Switzerland: Non-Religious Almost On Par With Catholics

Source: FSSPX News

In Switzerland, the proportion of people with no religious affiliation has increased sharply in recent decades to reach 32% of the population in 2021. This is the second largest group after Catholics (33%), followed by Reformed Evangelicals (21%).

Those “without religion” declare that they have no religious affiliation: some have never had one, others have left it, finally some still officially belong to a religion but declare themselves as not having one.

According to sociologists, the causes are to be sought in the modernization and growing secularization of society, leading to a distancing – even indifference – in relation to religion and in particular to religious institutions.

Over the past few decades, the population of “non-religious” people has steadily increased in Switzerland. In 1970, only about 1% of the Swiss did not indicate any religious affiliation. In 2000 this group had increased more than tenfold (11%). Ten years later it had doubled (around 20%) and, in 2021, the group will reach almost a third of the population aged 15 or over.

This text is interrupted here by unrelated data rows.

Section Prod.
Variables X Y : MetricSpace.
Definition prod_dist (p q : X * Y) : R :=
  Rmax (dist (fst p) (fst q)) (dist (snd p) (snd q)).

Lemma prod_dist_nonneg p q : 0 <= prod_dist p q.
Proof. unfold prod_dist. eapply Rle_trans; [apply dist_nonneg|apply Rmax_l]. Qed.
Lemma prod_dist_sym p q : prod_dist p q = prod_dist q p.
Proof. unfold prod_dist. now rewrite (dist_sym _ (fst p)), (dist_sym _ (snd p)). Qed.
Lemma prod_dist_refl p : prod_dist p p = 0.
Proof. unfold prod_dist. rewrite !dist_refl. apply Rmax_left; lra. Qed.
Lemma prod_dist_eq p q : prod_dist p q = 0 -> p = q.
Proof.
  destruct p as [a b], q as [c d]; unfold prod_dist; simpl; intro H.
  pose proof (Rmax_l (dist a c) (dist b d)); pose proof (Rmax_r (dist a c) (dist b d)).
  pose proof (dist_nonneg _ a c); pose proof (dist_nonneg _ b d).
  rewrite (dist_eq _ a c), (dist_eq _ b d); auto; lra.
Qed.
Lemma prod_dist_tri p q r : prod_dist p r <= prod_dist p q + prod_dist q r.
Proof.
  unfold prod_dist. apply Rmax_lub.
  - eapply Rle_trans; [apply dist_tri with (y := fst q)|].
    apply Rplus_le_compat; apply Rmax_l.
  - eapply Rle_trans; [apply dist_tri with (y := snd q)|].
    apply Rplus_le_compat; apply Rmax_r.
Qed.

Definition prod_ms : MetricSpace :=
  {| carrier := X * Y; dist := prod_dist;
     dist_nonneg := prod_dist_nonneg; dist_sym := prod_dist_sym;
     dist_refl := prod_dist_refl; dist_eq := prod_dist_eq;
     dist_tri := prod_dist_tri |}.
End Prod.

Definition prod_map {A B C D : Type} (f : A -> C) (g : B -> D) (p : A * B) : C * D :=
  (f (fst p), g (snd p)).

(* Let (x1,x2), (x1',x2') lie in one fibre of pi1 x pi2. Since x1, x1' are proximal, there are times
   n_k with d(T1^(n_k) x1, T1^(n_k) x1') -> 0; by compactness we may assume that
   (T1 x T2)^(n_k) sends both points to limits (z1,z2) and (z1,z2'), with the same first coordinate.
   Continuity of pi2 puts z2, z2' in one fibre of pi2, so they are proximal, and hence so are
   (z1,z2) and (z1,z2'). Proximality of the limits pulls back to the original pair: if T^m brings
   the limits eps-close, then T^(m + n_k) brings the original points close for k large. *)

From Stdlib Require Import Reals Lra Lia ClassicalEpsilon.
Open Scope R_scope.

Definition converges {X : MetricSpace} (u : nat -> X) (l : X) : Prop :=
  forall eps, 0 < eps -> exists N, forall n, (N <= n)%nat -> dist (u n) l < eps.
(* Let $W\in[0,1]^{k\times k}$ be a symmetric positive semidefinite matrix with unit diagonal, $\mu>0$, and consider linear utilities $u_i({\boldsymbol\theta})=W_i^\top{\boldsymbol\theta}$ with thresholds $\mu_i=\mu$ and strategy space $\mathbb{R}_+^k$. Let ${\boldsymbol\theta}^{\mathrm{eq}}$ be an optimal stable equilibrium, $I=\{i:\theta^{\mathrm{eq}}_i=0\}$, and $\bar W$ the restriction of $W$ (rows and columns) to $[k]\setminus I$. If $\bar{\boldsymbol\theta}$ is an optimal solution of $\min_{\bf x}\{\mathbf{1}^\top{\bf x}:\bar W{\bf x}\ge\mu\mathbf{1},\ {\bf x}\ge\mathbf{0}\}$, then $\bar W\bar{\boldsymbol\theta}=\mu\mathbf{1}$.
   Context: $W_i$ is the $i$-th column of $W$. ${\boldsymbol\theta}$ is feasible if $u_i({\boldsymbol\theta})\ge\mu$ for all $i$. A feasible ${\boldsymbol\theta}\in\mathbb{R}_+^k$ is a stable equilibrium if for no $i$ is there $0\le\theta_i'<\theta_i$ with $u_i(\theta_i',{\boldsymbol\theta}_{-i})\ge\mu$ (${\boldsymbol\theta}$ with $i$-th entry replaced). An optimal stable equilibrium minimizes $\mathbf{1}^\top{\boldsymbol\theta}$ among stable equilibria. *)

From mathcomp Require Import all_boot all_order all_algebra.
Set Implicit Arguments. Unset Strict Implicit. Unset Printing Implicit Defensive.
Import Order.TTheory GRing.Theory Num.Theory.
Local Open Scope ring_scope.

Section Defs.
Variable R : realFieldType.
Variable k : nat.

Definition util (W : 'M[R]_k) (th : 'cV[R]_k) (i : 'I_k) : R :=
  \sum_(j < k) W j i * th j 0.

Definition replace (th : 'cV[R]_k) (i : 'I_k) (t : R) : 'cV[R]_k :=
  \col_j (if j == i then t else th j 0).

Definition feasible (W : 'M[R]_k) (mu : R) (th : 'cV[R]_k) : Prop :=
  forall i, mu <= util W th i.

Definition stable_eq (W : 'M[R]_k) (mu : R) (th : 'cV[R]_k) : Prop :=
  (forall i, 0 <= th i 0) /\ feasible W mu th /\
  (forall i (t : R), 0 <= t -> t < th i 0 -> ~ (mu <= util W (replace th i t) i)).

Definition opt_stable_eq (W : 'M[R]_k) (mu : R) (th : 'cV[R]_k) : Prop :=
  stable_eq W mu th /\
  (forall th', stable_eq W mu th' -> \sum_i th i 0 <= \sum_i th' i 0).

Definition restrict (W : 'M[R]_k) (S : {set 'I_k}) : 'M[R]_#|S| :=
  \matrix_(a, b) W (enum_val a) (enum_val b).
End Defs.

Section LP.
Variable R : realFieldType.
Variable n : nat.
Definition lp_feasible (Wb : 'M[R]_n) (mu : R) (x : 'cV[R]_n) : Prop :=
  (forall a, 0 <= x a 0) /\ (forall a, mu <= (Wb *m x) a 0).
Definition lp_optimal (Wb : 'M[R]_n) (mu : R) (x : 'cV[R]_n) : Prop :=
  lp_feasible Wb mu x /\
  (forall y, lp_feasible Wb mu y -> \sum_a x a 0 <= \sum_a y a 0).
End LP.

(** Stability forces every player in the support S of the equilibrium to be
    tight: a player with slack could lower its own entry.  Hence the restriction
    y of the equilibrium to S is a positive solution of [Wbar y = mu 1].  For an
    optimal x, symmetry of Wbar gives [y^T Wbar x = mu 1^T x <= mu 1^T y], while
    the terms [y_a ((Wbar x)_a - mu)] are nonnegative and sum to
    [mu (1^T x - 1^T y)]; so each vanishes and, y being positive, every
    constraint is tight. *)
From mathcomp Require Import all_boot all_order all_algebra.
From mathcomp Require Import lra.

Set Implicit Arguments.
Unset Strict Implicit.
Unset Printing Implicit Defensive.
Import Order.TTheory GRing.Theory Num.Theory.
Local Open Scope ring_scope.

Lemma lp_optimal_tight (R : realFieldType) n (Wb : 'M[R]_n) (mu : R)
    (x y : 'cV[R]_n) :
  0 <= mu -> Wb^T = Wb -> (forall a, 0 < y a 0) ->
  Wb *m y = mu *: const_mx 1 ->
  lp_optimal Wb mu x -> Wb *m x = mu *: const_mx 1.
Proof.
move=> mu_ge0 Wb_sym y_pos Wy [[x_ge0 Wx_ge] x_opt].
have mu1_entry a : (mu *: const_mx 1 : 'cV[R]_n) a 0 = mu by rewrite !mxE mulr1.
have Wy_entry a : (Wb *m y) a 0 = mu by rewrite Wy mu1_entry.
have /x_opt cost_le : lp_feasible Wb mu y.
  by split=> a; [exact: ltW | rewrite Wy_entry].
have yWx : \sum_a y a 0 * (Wb *m x) a 0 = mu * \sum_a x a 0.
  have /matrixP/(_ 0 0) : y^T *m (Wb *m x) = (Wb *m y)^T *m x.
    by rewrite trmx_mul Wb_sym mulmxA.
  rewrite [LHS]mxE [RHS]mxE big_distrr /=.
  under eq_bigr do rewrite mxE; move=> ->.
  by apply: eq_bigr => a _; rewrite mxE Wy_entry.
have slack_ge0 a : 0 <= y a 0 * ((Wb *m x) a 0 - mu).
  by rewrite mulr_ge0 ?subr_ge0 // ltW.
have slack_sum0 : \sum_a y a 0 * ((Wb *m x) a 0 - mu) = 0.
  apply/eqP; rewrite eq_le sumr_ge0 ?andbT //.
  under eq_bigr do rewrite mulrBr.
  by rewrite sumrB yWx -big_distrl /= subr_le0 [_ * mu]mulrC ler_wpM2l.
apply/matrixP => a j; rewrite (ord1 j) mu1_entry.
have := psumr_eq0P (fun a _ => slack_ge0 a) slack_sum0; move/(_ a isT)/eqP.
by rewrite mulf_eq0 subr_eq0 gt_eqF //= => /eqP.
Qed.

Section StableEquilibria.
Variables (R : realFieldType) (k : nat).
Implicit Types (W : 'M[R]_k) (th : 'cV[R]_k).

Lemma util_mulmx W th i : util W th i = (W^T *m th) i 0.
Proof. by rewrite mxE; apply: eq_bigr => j _; rewrite mxE. Qed.

Lemma util_replace_self W th i t :
  util W (replace th i t) i = util W th i + (t - th i 0) * W i i.
Proof.
rewrite /util (bigD1 i) // [in RHS](bigD1 i) //= /replace mxE eqxx.
have -> : \sum_(j | j != i) W j i * (\col_j (if j == i then t else th j 0)) j 0
    = \sum_(j | j != i) W j i * th j 0.
  by apply: eq_bigr => j /negbTE ji; rewrite mxE ji.
lra.
Qed.

Lemma stable_eq_tight W mu th i :
  stable_eq W mu th -> 0 < W i i -> th i 0 != 0 -> util W th i = mu.
Proof.
move=> [th_ge0 [th_feas th_stable]] Wii_gt0 thi_neq0.
apply/eqP; rewrite eq_le th_feas andbT leNgt; apply/negP => slack.
have thi_gt0 : 0 < th i 0 by rewrite lt_def thi_neq0 th_ge0.
pose d := Num.min (th i 0) ((util W th i - mu) / W i i).
have d_gt0 : 0 < d by rewrite lt_min thi_gt0 divr_gt0 ?subr_gt0.
have d_le : d * W i i <= util W th i - mu.
  by rewrite -ler_pdivlMr // ge_min lexx orbT.
apply: (th_stable i (th i 0 - d)).
- by rewrite subr_ge0 ge_min lexx.
- by rewrite ltrBlDr ltrDl.
- rewrite util_replace_self; lra.
Qed.

Definition restrict_cV th (S : {set 'I_k}) : 'cV[R]_#|S| :=
  \col_a th (enum_val a) 0.

Lemma restrict_tr W (S : {set 'I_k}) : (restrict W S)^T = restrict W^T S.
Proof. by apply/matrixP => a b; rewrite !mxE. Qed.

Lemma restrict_mulmx_support W (S : {set 'I_k}) th :
    (forall i, i \notin S -> th i 0 = 0) ->
  restrict W S *m restrict_cV th S = restrict_cV (W *m th) S.
Proof.
move=> th_supp; apply/matrixP => a j; rewrite (ord1 j) !mxE.
rewrite (bigID (mem S)) /= [X in _ = _ + X]big1 ?addr0; last first.
  by move=> i /th_supp ->; rewrite mulr0.
by rewrite [RHS]big_enum_val; apply: eq_bigr => b _; rewrite !mxE.
Qed.

End StableEquilibria.

Theorem lemma3 (R : realFieldType) (k : nat) (W : 'M[R]_k) (mu : R)
  (W_sym : W^T = W)
  (W_psd : forall x : 'cV[R]_k, 0 <= (x^T *m W *m x) 0 0)
  (W_01 : forall i j, 0 <= W i j <= 1)
  (W_diag : forall i, W i i = 1)
  (mu_pos : 0 < mu)
  (theq : 'cV[R]_k) (Hopt : opt_stable_eq W mu theq)
  (thbar : 'cV[R]_#|[set i | theq i 0 != 0]|)
  (Hbar : lp_optimal (restrict W [set i | theq i 0 != 0]) mu thbar) :
  restrict W [set i | theq i 0 != 0] *m thbar = mu *: const_mx 1.
Proof.
have [th_stable _] := Hopt.
set S := [set i | theq i 0 != 0] in thbar Hbar *.
have inS i : (i \in S) = (theq i 0 != 0) by rewrite inE.
apply: (lp_optimal_tight (y := restrict_cV theq S)) => //.
- exact: ltW.
- by rewrite restrict_tr W_sym.
- move=> a; have := enum_valP a; rewrite inS mxE lt_def => ->.
  exact: th_stable.1.
- rewrite restrict_mulmx_support; last by move=> i; rewrite inS negbK => /eqP.
  apply/matrixP => a j; rewrite (ord1 j) mxE -[W]W_sym -util_mulmx.
  rewrite (stable_eq_tight th_stable) ?W_diag ?ltr01 -?inS ?enum_valP //.
  by rewrite !mxE mulr1.
Qed.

Despite its increase, the proportion of people with no religious affiliation in Switzerland remains rather low compared to that of certain European countries such as France (57%).

If we compare the linguistic regions, it appears that the share of people with religious affiliation is lowest in the Romansh-speaking region (16%) and highest in the French-speaking region (37%). In the German-speaking it is at 31%, and in the Italian-speaking regions it is at 26%.

The proportion of people with no religious affiliation is generally lower in rural areas (27%) than in urban areas (35%). Swiss cities with more than 100,000 inhabitants (Zurich, Geneva, Basel, Lausanne, Bern, and Winterthur) each have a population share with no religious affiliation above the average (between 34% and 57%).

Slightly more men than women have no religious affiliation, around 35% versus 30%. People with no religion are significantly younger than those with a religious affiliation. For men, the average age is around 45, and for women is it around 50. The 25 to 34 age group has the highest share, at 41%.

The proportion of married people is much lower among the “no religion” (41%), compared to 53% for those who have a religion (41% compared to 53%). Single people are overrepresented (44%) among those “without religion” compared to those who are “religious” (32%).

In Switzerland, two thirds of people with no official religious affiliation had a religion in their childhood. Half of these people who left their religion came from the Roman Catholic Church and 40% from the Evangelical Reformed Church.

Secularization has accelerated considerably in Switzerland in recent decades, not only by the inexorable progress of those “without religion,” but also by the leveling that exists between beliefs and practices, whether one adheres to a religion or not. The continual erosion of the number of Catholics only manifests this progressive detachment of the faithful from the Church. Church hierarchy may have grasped the magnitude, but certainly have not grasped the root cause.